Sunday, 17 March 2013

Going Cloudy Part 5 - Scalability without breaking the bank

As detailed previously, the application consists of three major components:
  • The web site, which predictably is used by everyone.
  • The asmx web service which is used by about 80% of users but performs fairly low-resource actions.
  • The REST service is hit only by external systems importing/retrieving data on a schedule, so it doesn’t need a lot of resources either.

 Going with the default cloud approach of separating everything would be prohibitively expensive. Currently a 2 instance cloud service is about £18 a month. Add on the monitoring project and this means 4 cloud services, giving me an £80 quid bill every month on servers whose utilisation would be pretty poor.
The smart thing to do is merge them all on to a single cloud service. It’s important that merging multiple sites/services on a single cloud service is only done where appropriate. Putting lots of services on the same instance when doing so will result in a shortage of resources defeats the point of moving to Cloud hosting. In this instance, they are all low-resource services which for the foreseeable future will happily sit on the same instance without problem. When traffic increases to the point where either of the services needs to be separated out to an instance of its own, this will be easy to do when required. The details of how to merge all of the services in to a single instance are detailed in my previous post.

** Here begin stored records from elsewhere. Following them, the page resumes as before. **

Lemma mem_fset_per_pts n x : (0 < n)%N ->
  (x \in fset_set (per_pts T n)) = (iter n T x == x).
Proof.
by move=> n_gt0; rewrite in_fset_set ?inE; [apply/asboolP/eqP | exact: finT].
Qed.

Lemma mem_fset_closed_orbit d A : (0 < d)%N ->
  (A \in fset_set (closed_orbit T d)) = `[< closed_orbit T d A >].
Proof. by move=> d_gt0; rewrite in_fset_set ?inE //; exact: finite_closed_orbit. Qed.

Lemma count_mem_closed_orbits d x : (0 < d)%N ->
  count (fun A => x \in A) (fset_set (closed_orbit T d)) = exact_period T x d.
Proof.
move=> d_gt0; set A0 := [set` traject T x d].
have memA A : A \in fset_set (closed_orbit T d) ->
    (x \in A) = (A == A0) && exact_period T x d.
  rewrite mem_fset_closed_orbit // => /asboolP orbA.
  apply/idP/idP => [/set_mem /(closed_orbit_mem d_gt0 orbA)[-> ->]|]; first by rewrite eqxx.
  by case/andP => /eqP -> _; rewrite inE; apply/trajectP; exists 0.
rewrite (eq_in_count memA); case: (boolP (exact_period T x d)) => xd.
  rewrite (eq_count (a2 := pred1 A0)) => [|A]; last by rewrite andbT.
  rewrite count_uniq_mem ?fset_uniq // mem_fset_closed_orbit //.
  by rewrite asboolT //; apply/(closed_orbitP T A0 d_gt0); exists x.
by apply/eqP; rewrite eqn0Ngt -has_count; apply/hasP => -[A _]; rewrite andbF.
Qed.

Lemma count_exact_period_divisors n x : (0 < n)%N -> iter n T x = x ->
  count (exact_period T x) (divisors n) = 1%N.
Proof.
move=> n_gt0 xn; have [d xd] := exact_period_exists n_gt0 xn.
rewrite (eq_count (a2 := pred1 d)) => [|e].
  by rewrite count_uniq_mem ?divisors_uniq // -dvdn_divisors // (exact_period_dvdn xd).
apply/idP/eqP => [xe|->//]; exact: exact_period_unique xe xd.
Qed.

Lemma count_per_pts_closed_orbit n d A : (0 < n)%N -> (d %| n)%N ->
  closed_orbit T d A -> count (mem A) (fset_set (per_pts T n)) = d.
Proof.
move=> n_gt0 dn orbA; have [_ [_ [_ [_ cardA]]]] := orbA.
rewrite -[RHS]cardA -card_fset_set_count ?fset_uniq // => y Ay /=.
have [/and3P[_ /eqP yd _] _] := closed_orbit_mem (dvdn_gt0 n_gt0 dn) orbA Ay.
by rewrite mem_fset_per_pts // (iter_modn_period _ yd) (eqP dn).
Qed.

Lemma fix_count_divisor_sum n : (0 < n)%N ->
  FixCount T n = \sum_(d <- divisors n) d * OrbCount T d.
Proof.
move=> n_gt0; set P := fset_set (per_pts T n).
have per_x x : x \in P -> iter n T x = x by rewrite mem_fset_per_pts // => /eqP.
transitivity (\sum_(x <- P) \sum_(d <- divisors n)
               \sum_(A <- fset_set (closed_orbit T d)) (x \in A : nat)).
  rewrite /FixCount -/P -sum1_size; apply: eq_big_seq => x /per_x xn.
  rewrite -(count_exact_period_divisors n_gt0 xn) -sum_nat_bool_count.
  apply: eq_big_seq => d; rewrite -dvdn_divisors // => /(dvdn_gt0 n_gt0) d_gt0.
  by rewrite sum_nat_bool_count count_mem_closed_orbits.
rewrite exchange_big; apply: eq_big_seq => d; rewrite -dvdn_divisors // => dn.
rewrite exchange_big /OrbCount -sum1_size big_distrr /=; apply: eq_big_seq => A.
rewrite mem_fset_closed_orbit ?(dvdn_gt0 n_gt0) // => /asboolP orbA; rewrite muln1.
by rewrite sum_nat_bool_count (count_per_pts_closed_orbit n_gt0 dn orbA).
Qed.

End FixCountFormula.

Section ProductMap.
Variables (X Y : choiceType) (T : X -> X) (S : Y -> Y).

Lemma iter_prod_map n p : iter n (prod_map T S) p = (iter n T p.1, iter n S p.2).
Proof. by elim: n => [|n IHn] /=; [case: p | rewrite IHn]. Qed.

Lemma per_pts_prod_map n : per_pts (prod_map T S) n = per_pts T n `*` per_pts S n.
Proof.
apply/seteqP; split=> -[x y]; rewrite /per_pts /= iter_prod_map /=.
  by case=> -> ->.
by case=> -> ->.
Qed.

Hypotheses (finT : fin_periodic T) (finS : fin_periodic S).

Lemma fin_periodic_prod_map : fin_periodic (prod_map T S).
Proof.
by move=> n n_gt0; rewrite per_pts_prod_map; apply: finite_setX; [exact: finT | exact: finS].
Qed.

Lemma fix_count_prod_map n : (0 < n)%N ->
  FixCount (prod_map T S) n = (FixCount T n * FixCount S n)%N.
Proof.
move=> n_gt0; rewrite /FixCount per_pts_prod_map fset_setX ?cardfsM //.
  exact: finT.
exact: finS.
Qed.

End ProductMap.

Lemma gcdn_coprime_mul_dvdn m n a b : coprime m n -> a %| m -> b %| n ->
  gcdn m (a * b) = a.
Proof.
move=> co_mn am bn; rewrite Gauss_gcdl ?(gcdn_idPr am) //.
exact: coprime_dvdr bn co_mn.
Qed.

Lemma dvdn_coprime_split m n d : coprime m n -> d %| m * n ->
  d = gcdn m d * gcdn n d.
Proof.
move=> co_mn dmn; apply/eqP; rewrite eqn_dvd; apply/andP; split; last first.
  rewrite Gauss_dvd ?dvdn_gcdr //.
  exact: coprime_dvdl (dvdn_gcdl _ _) (coprime_dvdr (dvdn_gcdl _ _) co_mn).
have d_mdn : d %| gcdn m d * n by rewrite muln_gcdl dvdn_gcd dmn dvdn_mulr.
by rewrite muln_gcdr dvdn_gcd d_mdn dvdn_mull.
Qed.

Lemma perm_divisors_coprime m n : 0 < m -> 0 < n -> coprime m n ->
  perm_eq (divisors (m * n)) [seq a * b | a <- divisors m, b <- divisors n].
Proof.
move=> m_gt0 n_gt0 co_mn; have co_nm := co_mn; rewrite coprime_sym in co_nm.
have gcd_a a b : a \in divisors m -> b \in divisors n -> gcdn m (a * b) = a.
  by rewrite -!dvdn_divisors //; exact: gcdn_coprime_mul_dvdn.
have gcd_b a b : a \in divisors m -> b \in divisors n -> gcdn n (a * b) = b.
  by rewrite mulnC -!dvdn_divisors // => am bn; exact: gcdn_coprime_mul_dvdn co_nm bn am.
apply: uniq_perm; rewrite ?divisors_uniq //.
  apply: allpairs_uniq; rewrite ?divisors_uniq // => -[a b] [c d] /=.
  move=> /allpairsP[[a' b'] /= [am bn [-> ->]]].
  move=> /allpairsP[[c' d'] /= [cm dn [-> ->]]] eq_ab_cd.
  have -> : a' = c' by rewrite -(gcd_a a' b') // eq_ab_cd gcd_a.
  by have -> : b' = d' by rewrite -(gcd_b a' b') // eq_ab_cd gcd_b.
move=> d; rewrite -dvdn_divisors ?muln_gt0 ?m_gt0 //; apply/idP/allpairsP => [dmn|].
  exists (gcdn m d, gcdn n d); rewrite /= -!dvdn_divisors ?dvdn_gcdl //.
  by split=> //; exact: dvdn_coprime_split.
by case=> -[a b] /= []; rewrite -!dvdn_divisors // => am bn ->; exact: dvdn_mul.
Qed.

Lemma big_divisors_coprime (R : nmodType) (h : nat -> R) m n :
  0 < m -> 0 < n -> coprime m n ->
  (\sum_(d <- divisors (m * n)) h d =
   \sum_(a <- divisors m) \sum_(b <- divisors n) h (a * b))%R.
Proof.
move=> m_gt0 n_gt0 co_mn.
by rewrite (perm_big _ (perm_divisors_coprime m_gt0 n_gt0 co_mn)) big_allpairs_dep.
Qed.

 During initial deployment, I was getting some really appalling performance on all services, which I initially put down to the traffic manager. Using Remote Desktop to log on to one of the instances revealed that there was a process called VSPerf.exe running which was sapping all of the server’s CPU and a great deal of its RAM. There was one of these for each site initially (so 4) and then another 1 for each site was added whenever I did an upgrade deployment. This resulted in one instance where I had 16 VSPerfs running, it took me nearly 15 minutes to remote on to the server to kill them!
I could only find some anecdotal references to this problem on the internet which revealed no solutions other than to reboot after every deployment. Eventually I worked out that I had inadvertently turned on profiling at some point. I’d accidentally turned this on and didn’t need it, so I turned it off and the problem was solved. I’m sure the majority of users of profiling do not have this issue, but if you turn on profiling and then your performance falls through the floor, take a look at Task Manager and see if you are one of the unlucky few.

Friday, 8 March 2013

New Relic for Azure

Ever since my company moved our main management system to Azure, I've been slowly working on the ability to monitor the application better in order to find the bottle necks and improve the user experience. To date, I've added:

  1. Timing on every request so I can query for the slowest pages.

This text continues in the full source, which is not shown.